Day 7: each day I keep myself occupied the easier it is to resist the urges. I am doing very so far. I had some urges last night but I pushed through and went to bed. The first week is always weird but it gets better each week. My short term goal is 3 weeks. After three weeks I know I can hit my long term goal of 40 day.
Day 8: I am going strong as I do the first week. Confidence is slowly coming and brain fog is slowly lifting. I think my journey will truly start around week 2 since my body is used to going a couple weeks away from porn. Have I had thoughts? Of course I have but it’s not worth it. I have goals I want to hit that are important to me. The first goal is writing a book. I am not the best writer but no author started as great writers, it took time and dedication. It’s imperative for me to stay busy and active. When I am idle my mind will sooner or later go to porn. That means sticking to my goals and continuing my habits.
Last night I slipped up twice to porn. I feel awful and just disgusted. I keep making promises to God that I am not keeping so it’s time to charge my game plan. I have been doing this with no plan and allowing my thoughts to dectate my day. I have to discipline myself to rewire my brain. Our brain will do the same thing until we train it otherwise. So this time I will keep a tracker of my wins or track my goals for the day. I want five wins for the day and I won’t go to bed until I hit those wins. My wins will look something like the following.
Wins of the Day:
- Read one chapter in a book (or audio book)

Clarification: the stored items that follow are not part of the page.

(* Let $\Lambda$ be a finite or countable alphabet and $\mu$ a shift-invariant probability measure on $\Lambda^{\mathbb N}$ such that $(\Lambda^{\mathbb N},\mu,\sigma)$ is mixing of all orders but $\mu$ is not a Bernoulli (i.i.d. product) measure. Then there exist $k\ge2$, a block $B\in\Lambda^k$ and a vector $\bar p_0\in\mathbb N_0^{k-1}$ such that $\mu([B^{\bar q}])<\mu([B^{\bar p_0}])$ for all $\bar q\in\mathbb N_0^{k-1}$ with $\bar q\succ\bar p_0$.
   Context: For $B=(b_1,\dots,b_k)$ and $\bar p=(p_1,\dots,p_{k-1})\in\mathbb N_0^{k-1}$, $B^{\bar p}=(b_1,*^{p_1},b_2,*^{p_2},\dots,b_{k-1},*^{p_{k-1}},b_k)$, and $[B^{\bar p}]$ is the set of $z\in\Lambda^{\mathbb N}$ with $z_{n_i}=b_i$ for $i=1,\dots,k$, where $n_i=i+p_1+\dots+p_{i-1}$ (other coordinates arbitrary). On $\mathbb N_0^{k-1}$, $\bar p\prec\bar q$ means $p_i\le q_i$ for all $i$ with strict inequality for at least one $i$. Mixing of all orders: for all measurable $A_0,\dots,A_k$, $\mu(A_0\cap\sigma^{-n_1}A_1\cap\sigma^{-n_1-n_2}A_2\cap\dots\cap\sigma^{-n_1-\dots-n_k}A_k)\to\mu(A_0)\cdots\mu(A_k)$ as $n_1,\dots,n_k\to\infty$. A Bernoulli measure satisfies $\mu([b_1\dots b_k])=\mu([b_1])\cdots\mu([b_k])$ for all blocks. *)

From mathcomp Require Import all_boot all_algebra.
From mathcomp Require Import all_classical all_reals all_analysis.
Set Implicit Arguments. Unset Strict Implicit. Unset Printing Implicit Defensive.
Import GRing.Theory Num.Theory.
Local Open Scope classical_set_scope.
Local Open Scope ring_scope.

(* Single-coordinate cylinders {z | z n = a}; since the alphabet is
   countable (with discrete sigma-algebra) they generate the product
   sigma-algebra on L^N. *)
Definition coord_cylinders (L : Type) : set (set (nat -> L)) :=
  [set A | exists (n : nat) (a : L), A = [set z | z n = a]].

Definition seqSpace (L : pointedType) := g_sigma_algebraType (@coord_cylinders L).

Definition shiftn (L : Type) (m : nat) (z : nat -> L) : nat -> L :=
  fun t => z (t + m)%N.

Definition shift_invariant (L : pointedType) (R : realType)
  (mu : probability (seqSpace L) R) : Prop :=
  forall A : set (seqSpace L), measurable A -> mu (shiftn 1 @^-1` A) = mu A.

(* Mixing of all orders: for all k and measurable A_0..A_k,
   mu(A_0 ∩ σ^{-n_1}A_1 ∩ ... ∩ σ^{-(n_1+...+n_k)}A_k) -> prod mu(A_i)
   as n_1,...,n_k -> oo (jointly).  Here the gaps n_1..n_k are n 0 .. n (k-1). *)
Definition mixing_all_orders (L : pointedType) (R : realType)
  (mu : probability (seqSpace L) R) : Prop :=
  forall (k : nat) (A : nat -> set (seqSpace L)),
    (forall i, (i <= k)%N -> measurable (A i)) ->
    forall eps : R, 0 < eps -> exists N : nat, forall n : nat -> nat,
      (forall j, (j < k)%N -> (N <= n j)%N) ->
      `| fine (mu (\bigcap_(i in `I_k.+1)
                    (shiftn (\sum_(j < i) n j)%N @^-1` A i)))
         - \prod_(i < k.+1) fine (mu (A i)) | < eps.

Definition cyl (L : pointedType) (b : seq L) : set (seqSpace L) :=
  [set z | [seq z i | i <- iota 0 (size b)] = b].

Definition bernoulli_measure (L : pointedType) (R : realType)
  (mu : probability (seqSpace L) R) : Prop :=
  forall b : seq L, fine (mu (cyl b)) = \prod_(x <- b) fine (mu (cyl [:: x])).

Definition gcyl (L : pointedType) (B : seq L) (p : seq nat) : set (seqSpace L) :=
  [set z | [seq z (i + \sum_(j < i) nth 0%N p j)%N | i <- iota 0 (size B)] = B].

Definition vprec (p q : seq nat) : Prop :=
  size p = size q /\
  (forall i, (i < size p)%N -> (nth 0 p i <= nth 0 q i)%N) /\
  (exists i, (i < size p)%N /\ (nth 0 p i < nth 0 q i)%N).

From mathcomp Require Import all_boot all_order all_algebra.
From mathcomp Require Import all_classical all_reals all_analysis.
From mathcomp Require Import lra zify.
Import GRing.Theory Num.Theory Order.TTheory.
Set Implicit Arguments. Unset Strict Implicit. Unset Printing Implicit Defensive.
Local Open Scope classical_set_scope.
Local Open Scope ring_scope.

(* If mu is not Bernoulli, take the least k for which some cylinder with k letters at
   increasing positions has a measure different from the product of its one-letter
   marginals.  Summing over the last letter shows that some such cylinder lies strictly
   above the product, and shift invariance turns it into a gapped cylinder [B^p].  If no
   gap vector were a strict local maximum of q |-> mu [B^q] above p, one could climb from
   p along a chain of strictly increasing gap vectors with nondecreasing measure.  Along
   the chain some gaps diverge while the others freeze; the diverging gaps cut B into
   shorter blocks, which are independent by minimality of k, so mixing of all orders
   drives mu [B^q] to the product of the one-letter marginals, below mu [B^p]. *)

Section Blocks.
Variable S : pred nat.

(* Cutting a word after every gap j with S j, letter i falls into block number block i. *)
Definition block (i : nat) : nat := (\sum_(j < i) S j)%N.

Lemma block0 : block 0 = 0%N.
Proof. by rewrite /block big_ord0. Qed.

Lemma blockS i : block i.+1 = (block i + S i)%N.
Proof. by rewrite /block big_ord_recr. Qed.

Lemma block_homo : {homo block : i j / (i <= j)%N}.
Proof. by apply: (homo_leq leqnn leq_trans) => i; rewrite blockS leq_addr. Qed.

Lemma block_ltE j i : S j -> (j < i)%N = (block j < block i)%N.
Proof.
move=> Sj; apply/idP/idP => [ji|].
  by rewrite (leq_trans _ (block_homo ji)) // blockS Sj addn1.
by apply: contraTT; rewrite -!leqNgt => /block_homo.
Qed.

Lemma block_surj K c : (c < block K)%N -> exists j, [/\ (j < K)%N, S j & block j = c].
Proof.
elim: K => [|K IH]; first by rewrite block0.
rewrite blockS; case: (ltnP c (block K)) => [/IH [j [jK Sj <-]] _|cK cKS].
  by exists j; split => //; apply: ltnW.
case SK: (S K) cKS => /= cKS; last by lia.
by exists K; split => //; lia.
Qed.

(* Enlarging each gap j of a K-gap vector by d j moves block c to the right by
   block_offset c and separates blocks c and c.+1 by an extra block_gap c. *)
Variables (K : nat) (d : nat -> nat).

Definition block_offset (c : nat) : nat := (\sum_(j < K | S j && (block j < c)) d j)%N.

Definition block_gap (c : nat) : nat := (\sum_(j < K | S j && (block j == c)) d j)%N.

Lemma sum_block_gap c : (\sum_(b < c) block_gap b)%N = block_offset c.
Proof.
elim: c => [|c IH]; first by rewrite big_ord0 /block_offset big_pred0 // => j; rewrite andbF.
rewrite big_ord_recr /= IH /block_offset /block_gap.
rewrite [in RHS](bigID (fun j : 'I_K => block j < c)%N) /=.
by congr (_ + _)%N; apply: eq_bigl => j; case: (S j); rewrite //= ltnS; case: ltngtP.
Qed.

Lemma leq_block_gap N c : (forall j, (j < K)%N -> S j -> (N <= d j)%N) ->
  (c < block K)%N -> (N <= block_gap c)%N.
Proof.
move=> dN /block_surj [j [jK Sj bj]].
by rewrite /block_gap (bigD1 (Ordinal jK)) /= ?Sj ?bj ?eqxx // (leq_trans (dN j jK Sj)) ?leq_addr.
Qed.

Lemma sum_block_offset i : (forall j, (j < K)%N -> ~~ S j -> d j = 0%N) -> (i <= K)%N ->
  (\sum_(j < i) d j)%N = block_offset (block i).
Proof.
move=> d0 iK; transitivity (\sum_(j < i | S j) d j)%N.
  rewrite [RHS]big_mkcond; apply: eq_bigr => j _; case: ifP => // /negbT.
  by apply: d0; apply: leq_trans iK.
rewrite (big_ord_widen_cond K S d iK) /block_offset; apply: eq_bigl => j.
by case: (boolP (S j)) => //= Sj; apply: block_ltE.
Qed.

End Blocks.

Lemma prod_partition (R : comPzRingType) (cl : nat -> nat) k M (F : nat -> R) :
  (forall i, (i < k)%N -> (cl i < M)%N) ->
  \prod_(c < M) \prod_(i < k | cl i == c) F i = \prod_(i < k) F i.
Proof.
move=> clM; under eq_bigr do rewrite big_mkcond /=.
rewrite exchange_big /=; apply: eq_bigr => i _.
by rewrite -big_mkcond /= (big_pred1 (Ordinal (clM i (ltn_ord i)))).
Qed.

- Write at least 300 words in my journal (I want to write a book next year)
- Read my Bible for one hour before bed
- Meditate for 5 minutes
- Do 80 pushups before bed (when my gym opens back I want to go back to working out for at least 45 mins).
I will give these wins a try. The biggest thing is consistency and endurance. I must hit these wins consistency every single day. I know the urges will come but I hope is that with discipline it will be easier to say No to the urges. My goal is 45 days. Why 45 days? My longest streak was 42 days and I plan to crush that streak. I know I have it in me to do it. I know the Lord is with through every bad trail. I will dig deeper than I ever have to hit this goal. I really need support through this and I hope that you guys stick with me through this journey.
Never do this bro. It is the same as putting ghee to the fire, don’t watch or even think about any erotic content while on nofap.
Once you join this forum, you are accountable to all of us. We are all with you. If you need any help, support or advice PM me or any other companions. We don’t want any men falling behind. We’ll win!